# Task details:
On every line of the listing, check for "symmetric"; copy the lines that have it.

# Material for the task:
* * *

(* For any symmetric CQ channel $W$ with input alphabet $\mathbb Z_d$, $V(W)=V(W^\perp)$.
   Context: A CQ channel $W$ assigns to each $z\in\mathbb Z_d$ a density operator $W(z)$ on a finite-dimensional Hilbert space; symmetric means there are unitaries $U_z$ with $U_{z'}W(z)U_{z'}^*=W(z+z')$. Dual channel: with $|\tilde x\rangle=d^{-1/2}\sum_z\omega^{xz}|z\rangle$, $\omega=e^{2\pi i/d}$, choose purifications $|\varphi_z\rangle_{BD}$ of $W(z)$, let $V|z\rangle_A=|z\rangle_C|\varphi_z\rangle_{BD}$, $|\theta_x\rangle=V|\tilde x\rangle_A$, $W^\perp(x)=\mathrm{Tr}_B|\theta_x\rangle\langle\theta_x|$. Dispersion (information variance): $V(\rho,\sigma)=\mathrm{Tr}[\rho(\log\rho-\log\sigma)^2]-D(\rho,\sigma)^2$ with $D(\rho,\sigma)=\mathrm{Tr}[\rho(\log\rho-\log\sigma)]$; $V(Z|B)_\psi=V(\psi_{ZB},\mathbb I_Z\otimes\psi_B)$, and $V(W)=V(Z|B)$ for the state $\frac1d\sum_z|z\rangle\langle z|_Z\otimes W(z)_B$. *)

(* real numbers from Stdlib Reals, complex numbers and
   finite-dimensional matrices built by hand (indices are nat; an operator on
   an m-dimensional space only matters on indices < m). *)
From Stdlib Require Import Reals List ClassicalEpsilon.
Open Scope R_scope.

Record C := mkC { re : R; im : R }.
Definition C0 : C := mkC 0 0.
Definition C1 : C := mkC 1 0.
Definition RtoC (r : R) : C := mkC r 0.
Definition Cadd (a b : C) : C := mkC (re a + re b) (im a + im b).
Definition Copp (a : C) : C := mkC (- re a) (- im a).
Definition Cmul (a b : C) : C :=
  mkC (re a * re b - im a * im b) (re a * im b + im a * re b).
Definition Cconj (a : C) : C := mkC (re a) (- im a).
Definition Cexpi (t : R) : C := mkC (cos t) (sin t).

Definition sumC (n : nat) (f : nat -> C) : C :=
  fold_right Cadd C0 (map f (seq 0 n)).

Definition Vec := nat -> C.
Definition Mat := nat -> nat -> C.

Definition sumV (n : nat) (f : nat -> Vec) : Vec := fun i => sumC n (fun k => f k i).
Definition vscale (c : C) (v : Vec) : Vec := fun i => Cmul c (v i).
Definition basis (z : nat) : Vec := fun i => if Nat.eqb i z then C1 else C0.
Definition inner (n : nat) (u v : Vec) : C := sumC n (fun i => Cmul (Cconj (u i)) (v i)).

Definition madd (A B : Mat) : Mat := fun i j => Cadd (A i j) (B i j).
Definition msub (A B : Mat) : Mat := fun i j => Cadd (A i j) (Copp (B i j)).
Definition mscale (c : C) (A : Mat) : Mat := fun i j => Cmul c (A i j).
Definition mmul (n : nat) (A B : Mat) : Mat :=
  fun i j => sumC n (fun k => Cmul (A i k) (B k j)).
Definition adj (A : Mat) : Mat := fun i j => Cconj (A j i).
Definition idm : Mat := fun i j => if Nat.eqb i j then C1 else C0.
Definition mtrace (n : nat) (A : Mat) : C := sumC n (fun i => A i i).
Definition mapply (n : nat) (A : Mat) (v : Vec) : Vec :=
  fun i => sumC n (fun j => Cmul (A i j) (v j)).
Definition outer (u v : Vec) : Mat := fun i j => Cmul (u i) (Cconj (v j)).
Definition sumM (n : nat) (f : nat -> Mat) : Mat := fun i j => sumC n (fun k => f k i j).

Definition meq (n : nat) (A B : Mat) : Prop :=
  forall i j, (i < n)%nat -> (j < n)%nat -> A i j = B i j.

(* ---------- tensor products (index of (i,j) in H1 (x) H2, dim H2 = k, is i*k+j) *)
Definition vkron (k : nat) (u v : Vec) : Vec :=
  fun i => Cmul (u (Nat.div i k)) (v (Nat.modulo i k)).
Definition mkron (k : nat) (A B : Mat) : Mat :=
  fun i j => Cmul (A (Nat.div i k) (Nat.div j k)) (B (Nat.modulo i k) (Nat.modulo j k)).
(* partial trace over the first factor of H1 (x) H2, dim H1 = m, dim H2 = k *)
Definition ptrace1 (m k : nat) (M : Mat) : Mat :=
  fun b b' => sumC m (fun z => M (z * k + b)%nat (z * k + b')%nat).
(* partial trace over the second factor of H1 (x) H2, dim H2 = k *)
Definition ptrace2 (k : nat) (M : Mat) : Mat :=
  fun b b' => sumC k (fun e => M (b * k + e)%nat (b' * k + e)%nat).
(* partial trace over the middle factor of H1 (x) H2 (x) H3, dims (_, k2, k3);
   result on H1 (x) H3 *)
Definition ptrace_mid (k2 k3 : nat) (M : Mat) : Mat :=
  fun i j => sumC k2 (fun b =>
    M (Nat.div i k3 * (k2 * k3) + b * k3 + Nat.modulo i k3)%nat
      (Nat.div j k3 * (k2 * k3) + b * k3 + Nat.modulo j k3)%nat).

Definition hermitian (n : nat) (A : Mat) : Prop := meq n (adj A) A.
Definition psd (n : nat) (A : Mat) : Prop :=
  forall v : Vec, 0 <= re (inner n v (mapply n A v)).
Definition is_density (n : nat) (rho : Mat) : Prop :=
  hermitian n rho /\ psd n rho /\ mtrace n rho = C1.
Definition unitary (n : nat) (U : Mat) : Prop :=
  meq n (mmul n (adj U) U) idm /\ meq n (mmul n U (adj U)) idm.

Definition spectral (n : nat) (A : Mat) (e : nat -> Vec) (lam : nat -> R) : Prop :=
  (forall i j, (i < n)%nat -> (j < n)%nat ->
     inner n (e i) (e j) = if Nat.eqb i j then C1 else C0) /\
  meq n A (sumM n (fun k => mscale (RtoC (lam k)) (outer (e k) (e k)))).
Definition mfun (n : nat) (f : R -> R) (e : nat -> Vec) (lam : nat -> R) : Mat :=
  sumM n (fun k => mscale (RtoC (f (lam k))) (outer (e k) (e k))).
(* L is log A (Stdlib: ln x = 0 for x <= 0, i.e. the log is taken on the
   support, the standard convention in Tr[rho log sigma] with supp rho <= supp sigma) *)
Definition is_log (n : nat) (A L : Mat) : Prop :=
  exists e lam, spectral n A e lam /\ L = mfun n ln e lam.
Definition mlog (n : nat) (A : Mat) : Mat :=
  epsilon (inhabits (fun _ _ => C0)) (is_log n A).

* * *

# Solution to this task:
(* For any symmetric CQ channel $W$ with input alphabet $\mathbb Z_d$, $V(W)=V(W^\perp)$.
   Context: A CQ channel $W$ assigns to each $z\in\mathbb Z_d$ a density operator $W(z)$ on a finite-dimensional Hilbert space; symmetric means there are unitaries $U_z$ with $U_{z'}W(z)U_{z'}^*=W(z+z')$. Dual channel: with $|\tilde x\rangle=d^{-1/2}\sum_z\omega^{xz}|z\rangle$, $\omega=e^{2\pi i/d}$, choose purifications $|\varphi_z\rangle_{BD}$ of $W(z)$, let $V|z\rangle_A=|z\rangle_C|\varphi_z\rangle_{BD}$, $|\theta_x\rangle=V|\tilde x\rangle_A$, $W^\perp(x)=\mathrm{Tr}_B|\theta_x\rangle\langle\theta_x|$. Dispersion (information variance): $V(\rho,\sigma)=\mathrm{Tr}[\rho(\log\rho-\log\sigma)^2]-D(\rho,\sigma)^2$ with $D(\rho,\sigma)=\mathrm{Tr}[\rho(\log\rho-\log\sigma)]$; $V(Z|B)_\psi=V(\psi_{ZB},\mathbb I_Z\otimes\psi_B)$, and $V(W)=V(Z|B)$ for the state $\frac1d\sum_z|z\rangle\langle z|_Z\otimes W(z)_B$. *)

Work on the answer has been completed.